Pasaron algunos años y la Facultad, junto con sus egresados, comenzó a dar los primeros frutos a la sociedad. En 1887, por ejemplo, los primeros exalumnos lideraron la fundación de la Sociedad Colombiana de Ingenieros, que hoy en día sigue siendo una de las agremiaciones académicas más importantes del país. 

Cuatro años después culminó sus estudios en esta facultad Julio Garavito Armero quien, junto con Francisco José de Caldas, ha sido uno de los científicos más importantes de la historia de Colombia. Entre sus logros está haber hecho cálculos sobre las fluctuaciones lunares y su influencia sobre el clima, las corrientes hídricas y los hielos polares, además de haber precisado la latitud de Bogotá.

Ya entrado el siglo XX, los egresados de esta Facultad fueron fundamentales en el desarrollo de la infraestructura de la Nación. Algunos se destacaron en la construcción de los ferrocarriles y otros trabajaron en importantes edificaciones, como el actual edificio de la Biblioteca Nacional, en Bogotá, el cual fue diseñado por el exalumno Alberto Wills Ferro.

Sin lugar a dudas, los desafíos que hoy nos presenta el mundo son distintos a los que enfrentaron la facultad y los egresados de los siglos XIX y XX. De acuerdo con las Naciones Unidas, actualmente la humanidad afronta serios retos como el acceso al agua potable, el desarrollo de infraestructura de saneamiento, la alimentación de la población, el cambio climático, el desarrollo y uso de la energía, la inteligencia artificial, la seguridad en internet y los macrodatos, entre otros.

La complejidad de estos desafíos requiere que los ingenieros del siglo XXI desarrollen soluciones científicas sólidas (como lo hicieron los expertos de los siglos XIX y XX), pero que además lo hagan bajo criterios de empatía, humanidad y justicia.

Dicha necesidad invita a las distintas facultades de ingeniería a formar profesionales que no solo se destaquen por sus conocimientos y pericia técnica, sino que también lo hagan por sus capacidades de trabajo en equipo, comunicación, pensamiento crítico, interdisciplinariedad y creatividad.

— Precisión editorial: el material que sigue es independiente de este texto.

(* Let $X$ be a topological space, $b\in X$, and $\mathcal{U}$ an open covering of $X$ such that $b\in U$ for every $U\in\mathcal{U}$, every $U\in\mathcal{U}$ is path-connected, $U\cap V$ is path-connected for all $U,V\in\mathcal{U}$, and $U\cap V\cap W$ is path-connected for all $U,V,W\in\mathcal{U}$. Let $G$ be a group. Given a family $\{h_U\in H^1(U,b)\}_{U\in\mathcal{U}}$, there exists $h\in H^1(X,b)$ with $r_U(h)=h_U$ for every $U\in\mathcal{U}$ if and only if $r_{U\cap V}(h_U)=r_{U\cap V}(h_V)$ for every pair $U,V\in\mathcal{U}$. If such a class $h$ exists, it is unique.
   Context: Conventions: a path in a space $W$ is a continuous map $[0,1]\to W$; $P(W)$ is the set of paths; $p\cdot q$ is concatenation when $p(1)=q(0)$; homotopies of paths are relative to $\{0,1\}$, $p\sim q$ means homotopic. $G$ has unit $1$. For $b\in W$: a $0$-cochain of $(W,b)$ is a map $c\colon W\to G$ with $c(b)=1$; these form a group $C^0(W,b)$ under pointwise multiplication. A $1$-cochain is a map $u\colon P(W)\to G$ with $u(p)=1$ for the constant path at $b$; it is a cocycle if $u(p)=u(q)$ when $p\sim q$ and $u(p\cdot q)=u(p)u(q)$ when defined. $C^0(W,b)$ acts on cocycles by $(c\bullet u)(p)=c(p(0))u(p)c(p(1))^{-1}$; $H^1(W,b)$ is the set of orbits. For $A\subset W$ with $b\in A$, $r_A\colon H^1(W,b)\to H^1(A,b)$ is induced by restricting cocycles to paths in $A$. *)

From HB Require Import structures.
From mathcomp Require Import all_boot all_order all_algebra.
From mathcomp Require Import all_classical all_reals.
From mathcomp Require Import topology normedtype Rstruct Rstruct_topology.
From mathcomp Require Import monoid.
Local Notation R := Rdefinitions.R.

Set Implicit Arguments.
Unset Strict Implicit.
Unset Printing Implicit Defensive.

Import Order.TTheory GRing.Theory Num.Theory.
Local Open Scope classical_set_scope.
Local Open Scope ring_scope.

Section TopH1.
Variables (X : topologicalType) (G : groupType).

(* A path is represented by a map R -> X; only its values on [0,1] matter. *)
Definition zeroR : R := 0.
Definition oneR : R := 1.
Definition I01 : set R := `[0, 1].

Definition is_path (W : set X) (p : R -> X) : Prop :=
  {within I01, continuous p} /\ (forall s, I01 s -> W (p s)).

Definition pconcat (p q : R -> X) : R -> X :=
  fun s => if (s <= 1 / 2) then p (2 * s) else q (2 * s - 1).

Definition path_homotopic (W : set X) (p q : R -> X) : Prop :=
  exists H : R * R -> X,
    [/\ {within I01 `*` I01, continuous H},
        (forall s t, I01 s -> I01 t -> W (H (s, t))),
        (forall s, I01 s -> H (s, 0) = p s /\ H (s, 1) = q s) &
        (forall t, I01 t -> H (0, t) = p 0 /\ H (1, t) = p 1)].

Definition path_connected (A : set X) : Prop :=
  A !=set0 /\ forall x y, A x -> A y ->
    exists p, is_path A p /\ p 0 = x /\ p 1 = y.

(* 0-cochains of (W,b): maps c : X -> G with c b = 1 (values off W are
   irrelevant). *)
Definition cochain0 (b : X) (c : X -> G) : Prop := c b = 1%g.

(* 1-cochains are maps u : (R -> X) -> G; only values on paths in W matter. *)
Definition cochain1 (W : set X) (b : X) (u : (R -> X) -> G) : Prop :=
  forall p, is_path W p -> (forall s, I01 s -> p s = b) -> u p = 1%g.

Definition cocycle (W : set X) (b : X) (u : (R -> X) -> G) : Prop :=
  [/\ cochain1 W b u,
      (forall p q, is_path W p -> is_path W q -> path_homotopic W p q ->
          u p = u q) &
      (forall p q, is_path W p -> is_path W q -> p 1 = q 0 ->
          u (pconcat p q) = (u p * u q)%g)].

Definition cohomologous (W : set X) (b : X) (u v : (R -> X) -> G) : Prop :=
  exists c, cochain0 b c /\
    forall p, is_path W p -> v p = (c (p zeroR) * u p * (c (p oneR))^-1)%g.

Definition H1class (W : set X) (b : X) (u : (R -> X) -> G) :
    set ((R -> X) -> G) :=
  [set v | cocycle W b v /\ cohomologous W b u v].

Definition H1 (W : set X) (b : X) : set (set ((R -> X) -> G)) :=
  [set O | exists u, cocycle W b u /\ O = H1class W b u].

Definition restr (A : set X) (b : X) (O : set ((R -> X) -> G)) :
    set ((R -> X) -> G) :=
  [set v | cocycle A b v /\ exists u, O u /\ cohomologous A b u v].

End TopH1.

From HB Require Import structures.
From mathcomp Require Import all_boot all_order all_algebra.
From mathcomp Require Import all_classical all_reals.
From mathcomp Require Import topology normedtype Rstruct Rstruct_topology.
From mathcomp Require Import monoid.
From mathcomp Require Import ring lra.
From Stdlib Require Import ClassicalEpsilon.
Set Implicit Arguments. Unset Strict Implicit. Unset Printing Implicit Defensive.
Import Order.TTheory GRing.Theory Num.Theory.
Local Open Scope classical_set_scope.
Local Open Scope ring_scope.
Local Notation R := Rdefinitions.R.

(* Choose cocycles u_U representing h_U and cochains c_UV with
   u_V = c_UV . u_U on U /\ V.  Evaluating on a path from b to x inside U /\ V
   gives c_UV x = (u_V d)^-1 (u_U d), so on triple intersections (path-connected
   and containing b) the transition cochains satisfy c_UW = c_VW c_UV.  Fixing
   for every point x a member V_x of the cover containing it, the value
   c_(U,V_x) x * u_U q * (c_(U,V_y) y)^-1 on a path q in U from x to y does not
   depend on U, and is a cocycle on the "small" paths, i.e. those lying in one
   member of the cover.  Such a local cocycle extends uniquely to a cocycle on
   X: subdivide a path (or a homotopy) with a Lebesgue number of the cover and
   multiply the values on the pieces; homotopy invariance reduces to the small
   squares of a grid.  Uniqueness is the same subdivision argument, the
   cochains relating two global cocycles on the various U agreeing on the
   path-connected intersections U /\ V. *)

Lemma continuous_within_comp (T U V : topologicalType) (A : set T) (B : set U)
    (f : T -> U) (g : U -> V) :
  {within A, continuous f} -> {within B, continuous g} ->
  (forall x, A x -> B (f x)) -> {within A, continuous (g \o f)}.
Proof.
move=> /subspace_continuousP cf /subspace_continuousP cg AB.
apply/subspace_continuousP => x Ax.
apply: cvg_trans; last exact: (cg _ (AB _ Ax)).
move=> P /=; rewrite /within /= => hP.
have := cf x Ax _ hP; rewrite /from_subspace /= !nbhs_simpl /within /=.
by apply: filterS => y /= Py Ay; exact: Py Ay (AB _ Ay).
Qed.

Lemma continuous_compose (T U V : topologicalType) (f : T -> U) (g : U -> V) :
  continuous f -> continuous g -> continuous (g \o f).
Proof. by move=> cf cg x; apply: continuous_comp; [exact: cf | exact: cg]. Qed.

Lemma continuous_fst (T U : topologicalType) : continuous (fun z : T * U => z.1).
Proof. by move=> z; apply: cvg_fst. Qed.

Lemma continuous_snd (T U : topologicalType) : continuous (fun z : T * U => z.2).
Proof. by move=> z; apply: cvg_snd. Qed.

Lemma continuous_pair (T U V : topologicalType) (f : T -> U) (g : T -> V) :
  continuous f -> continuous g -> continuous (fun z => (f z, g z)).
Proof. by move=> cf cg z; apply: cvg_pair; [exact: cf | exact: cg]. Qed.

Section RealValuedContinuity.
Variable T : topologicalType.
Implicit Types f g : T -> R.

Para lograr ello, las distintas facultades de ingeniería (y las diversas áreas del saber) debemos recordar que los desafíos sociales no son áreas exclusivas de un determinado campo de conocimiento. Por el contrario, los distintos retos requieren abordajes humanos e integrales que se construyen a través de diálogos fluidos entre las ciencias sociales, las ciencias naturales, la ingeniería, las artes, la medicina y las diversas disciplinas y saberes.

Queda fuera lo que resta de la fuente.